Collected data:

(* Let $F$ be a partially colored forest. If Alice can win the $3$-Reduced Coloring Game on $\mathcal{R}'(F)$, then Alice can win the $3$-coloring game on $F$.
   Context: A partial coloring assigns to some vertices colors from a set $C$ of $3$ colors so that adjacent colored vertices differ; a color is legal for an uncolored vertex $v$ if no neighbor of $v$ has it. The $k$-coloring game on a partially colored graph: Alice and Bob alternate, Alice first, each coloring an uncolored vertex with a legal color from a $k$-set of colors; Bob wins if at some point an uncolored vertex has no legal color, Alice wins if all vertices get colored. The $k$-Reduced Coloring Game ($k$-RCG) is the same except that: Alice may only color vertices of degree at least $k$; Alice wins once every vertex of degree at least $k$ is colored; Bob plays first; and Bob may pass. For a partially colored forest $F$, a trunk of $F$ is a maximal connected subgraph $R$ such that every colored vertex of $R$ is a leaf of $R$; $\mathcal{R}(F)$ is the partially colored forest formed by the disjoint union of all trunks of $F$ (a colored vertex lying in several trunks appears as a separate colored copy in each). For a graph $G$, $E_{>2}(G)$ is the set of edges $xy$ of $G$ with $d_G(x)>2$ or $d_G(y)>2$. The reduced graph of $F$ is $\mathcal{R}'(F)=\mathcal{R}(F)-\{xy: xy\notin E_{>2}(\mathcal{R}(F))\}$, i.e. $\mathcal{R}(F)$ with every edge both of whose endpoints have degree at most $2$ in $\mathcal{R}(F)$ deleted. *)

From mathcomp Require Import all_boot.
Set Implicit Arguments.
Unset Strict Implicit.
Unset Printing Implicit Defensive.

(* Graphs: a finite vertex type V with adjacency relation adj : rel V
   (simple graph = symmetric, irreflexive).  Colors: 'I_k.
   A partial coloring is c : V -> option 'I_k (None = uncolored). *)

Section Graphs.
Variable V : finType.
Variable adj : rel V.

(* a forest: no cycle (a duplicate-free closed walk with >= 3 vertices) *)
Definition forest : Prop := forall p : seq V, ucycle adj p -> size p <= 2.

Definition degree (v : V) : nat := #|[set w | adj v w]|.

Variable k : nat.

Definition proper_partial (c : V -> option 'I_k) : Prop :=
  forall x y, adj x y -> c x != None -> c x != c y.

Definition legal (c : V -> option 'I_k) (v : V) (a : 'I_k) : bool :=
  [forall w, adj v w ==> (c w != Some a)].

Definition stuck (c : V -> option 'I_k) : Prop :=
  exists v, c v = None /\ forall a, ~~ legal c v a.

Definition upd (c : V -> option 'I_k) (v : V) (a : 'I_k) : V -> option 'I_k :=
  fun w => if w == v then Some a else c w.

(* k-coloring game.  cg_alice c : Alice (to move) has a winning strategy
   from position c; cg_bob c : Alice wins from c when Bob is to move. *)
Inductive cg_alice : (V -> option 'I_k) -> Prop :=
| CGA_done c : (forall v, c v <> None) -> cg_alice c
| CGA_move c v a : ~ stuck c -> c v = None -> legal c v a ->
    cg_bob (upd c v a) -> cg_alice c
with cg_bob : (V -> option 'I_k) -> Prop :=
| CGB_done c : (forall v, c v <> None) -> cg_bob c
| CGB_move c : ~ stuck c ->
    (forall v a, c v = None -> legal c v a -> cg_alice (upd c v a)) ->
    cg_bob c.

Definition alice_wins_cg (c : V -> option 'I_k) : Prop := cg_alice c.

Definition high (v : V) : bool := k <= degree v.

Definition rcg_done (c : V -> option 'I_k) : Prop :=
  forall v, high v -> c v <> None.

Inductive rcg_alice : (V -> option 'I_k) -> Prop :=
| RA_done c : rcg_done c -> rcg_alice c
| RA_move c v a : ~ stuck c -> high v -> c v = None -> legal c v a ->
    rcg_bob (upd c v a) -> rcg_alice c
with rcg_bob : (V -> option 'I_k) -> Prop :=
| RB_done c : rcg_done c -> rcg_bob c
| RB_move c : ~ stuck c ->
    rcg_alice c (* Bob passes *) ->
    (forall v a, c v = None -> legal c v a -> rcg_alice (upd c v a)) ->
    rcg_bob c.

(* Alice wins the k-RCG (Bob moves first) *)
Definition alice_wins_rcg (c : V -> option 'I_k) : Prop := rcg_bob c.

End Graphs.

(* A subgraph of (V, adj) is a pair (S, E) with
   S a vertex set and E a symmetric set of ordered pairs (both orientations
   of each edge), each an edge of adj with both ends in S. *)
Section Reduced.
Variable V : finType.
Variable adj : rel V.
Variable k : nat.
Variable c : V -> option 'I_k.

Definition subg := ({set V} * {set (V * V)})%type.

Definition is_subgraph (R : subg) : bool :=
  [forall x, forall y, ((x, y) \in R.2) ==>
     [&& adj x y, x \in R.1, y \in R.1 & (y, x) \in R.2]].

Definition subg_le (R R' : subg) : bool := (R.1 \subset R'.1) && (R.2 \subset R'.2).

Definition subg_connected (R : subg) : bool :=
  (R.1 != set0) &&
  [forall x in R.1, forall y in R.1, connect [rel a b | (a, b) \in R.2] x y].

Definition subg_deg (R : subg) (x : V) : nat := #|[set y | (x, y) \in R.2]|.

Definition colored_leaves (R : subg) : bool :=
  [forall x in R.1, (c x != None) ==> (subg_deg R x == 1)].

Definition trunk_cand (R : subg) : bool :=
  [&& is_subgraph R, subg_connected R & colored_leaves R].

__EXERCISE GOAL__. Using the records above, find and show each line with the string "high".

__ANSWER FOR THIS EXERCISE__.
Definition high (v : V) : bool := k <= degree v.
  forall v, high v -> c v <> None.
| RA_move c v a : ~ stuck c -> high v -> c v = None -> legal c v a ->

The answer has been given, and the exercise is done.